### GOAL OF THE EXERCISE
Report each line of the data below in which "case" appears.

BEGIN

Lemma portrait_eq p a b : portrait p a -> portrait p b -> a [::] = b [::] ->
  (forall x, x < p 1 -> sec a x = sec b x) -> a = b.
Proof.
move=> Ha Hb ab0 Eab; apply: functional_extensionality => -[//|x w].
have [hx|hx] := ltnP x (p 1); last by rewrite (portrait_out w Ha hx) (portrait_out w Hb hx).
by have := congr1 (fun f => f w) (Eab x hx).
Qed.

Lemma shift_gt0 p : (forall i, 0 < p i.+1) -> forall i, 0 < shift p i.+1.
Proof. by move=> p_gt0 i; apply: p_gt0. Qed.

Lemma portrait_one p : (forall i, 0 < p i.+1) -> portrait p one.
Proof. by move=> p_gt0 v; case: ifP. Qed.

Lemma portrait_mul p a b : (forall i, 0 < p i.+1) -> portrait p (mul p a b).
Proof. by move=> p_gt0 v; rewrite /mul; case: (is_vertex p v) => //; apply: ltn_pmod. Qed.

Lemma portrait_inv p a : (forall i, 0 < p i.+1) -> portrait p (inv p a).
Proof. by move=> p_gt0 v; rewrite /inv; case: (is_vertex p v) => //; apply: ltn_pmod. Qed.

Lemma portrait_sec p a x : (forall i, 0 < p i.+1) -> portrait p a ->
  portrait (shift p) (sec a x).
Proof.
move=> p_gt0 Ha w; have [hx|hx] := ltnP x (p 1).
  by have := Ha (x :: w); rewrite is_vertex_cons hx.
by rewrite /sec (portrait_out w Ha hx); case: ifP => // _; apply: p_gt0.
Qed.

Lemma mulA p a b c : mul p (mul p a b) c = mul p a (mul p b c).
Proof.
apply: functional_extensionality => v.
elim: v p a b c => [|x w IH] p a b c.
  by rewrite !mul_nil modnDml modnDmr addnA.
have [hx|hx] := ltnP x (p 1); last by rewrite !mul_out.
have p1_gt0 : 0 < p 1 by apply: leq_ltn_trans hx.
rewrite -![mul p _ _ (x :: w)]/(sec _ x w) !sec_mul ?ltn_pmod //.
by rewrite IH mul_nil modnDml modnDmr addnA.
Qed.

Lemma mul1g p a : (forall i, 0 < p i.+1) -> portrait p a -> mul p one a = a.
Proof.
move=> p_gt0 Ha; apply: functional_extensionality => v.
elim: v p a p_gt0 Ha => [|x w IH] p a p_gt0 Ha.
  by rewrite mul_nil addn0 modn_small // portrait_root.
have [hx|hx] := ltnP x (p 1); last by rewrite mul_out // (portrait_out w Ha hx).
rewrite -[mul p _ _ _]/(sec _ x w) sec_mul // IH //.
  exact: shift_gt0.
exact: portrait_sec.
Qed.

Lemma mulg1 p a : (forall i, 0 < p i.+1) -> portrait p a -> mul p a one = a.
Proof.
move=> p_gt0 Ha; apply: functional_extensionality => v.
elim: v p a p_gt0 Ha => [|x w IH] p a p_gt0 Ha.
  by rewrite mul_nil modn_small // portrait_root.
have [hx|hx] := ltnP x (p 1); last by rewrite mul_out // (portrait_out w Ha hx).
rewrite -[mul p _ _ _]/(sec _ x w) sec_mul // addn0 modn_small // IH //.
  exact: shift_gt0.
exact: portrait_sec.
Qed.

Lemma mulVg p a : (forall i, 0 < p i.+1) -> portrait p a -> mul p (inv p a) a = one.
Proof.
move=> p_gt0 Ha; apply: functional_extensionality => v.
elim: v p a p_gt0 Ha => [|x w IH] p a p_gt0 Ha.
  by rewrite mul_nil inv_nil modnDmr subnKC ?modnn // ltnW // portrait_root.
have [hx|hx] := ltnP x (p 1); last by rewrite mul_out.
have a0_lt := portrait_root Ha.
rewrite -[mul p _ _ _]/(sec _ x w) sec_mul // sec_inv ?ltn_pmod //.
rewrite modnDml -addnA subnKC ?modnDr ?modn_small //; last exact: ltnW.
rewrite IH //.
  exact: shift_gt0.
exact: portrait_sec.
Qed.

Lemma mulgV p a : (forall i, 0 < p i.+1) -> portrait p a -> mul p a (inv p a) = one.
Proof.
move=> p_gt0 Ha; apply: functional_extensionality => v.
elim: v p a p_gt0 Ha => [|x w IH] p a p_gt0 Ha.
  by rewrite mul_nil inv_nil modnDml subnK ?modnn // ltnW // portrait_root.
have [hx|hx] := ltnP x (p 1); last by rewrite mul_out.
rewrite -[mul p _ _ _]/(sec _ x w) sec_mul // sec_inv // inv_nil modnDmr.
rewrite IH //.
  exact: shift_gt0.
exact: portrait_sec.
Qed.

END

### EXPECTED OUTPUT
Proof. by move=> p_gt0 v; case: ifP. Qed.
Proof. by move=> p_gt0 v; rewrite /mul; case: (is_vertex p v) => //; apply: ltn_pmod. Qed.
Proof. by move=> p_gt0 v; rewrite /inv; case: (is_vertex p v) => //; apply: ltn_pmod. Qed.
by rewrite /sec (portrait_out w Ha hx); case: ifP => // _; apply: p_gt0.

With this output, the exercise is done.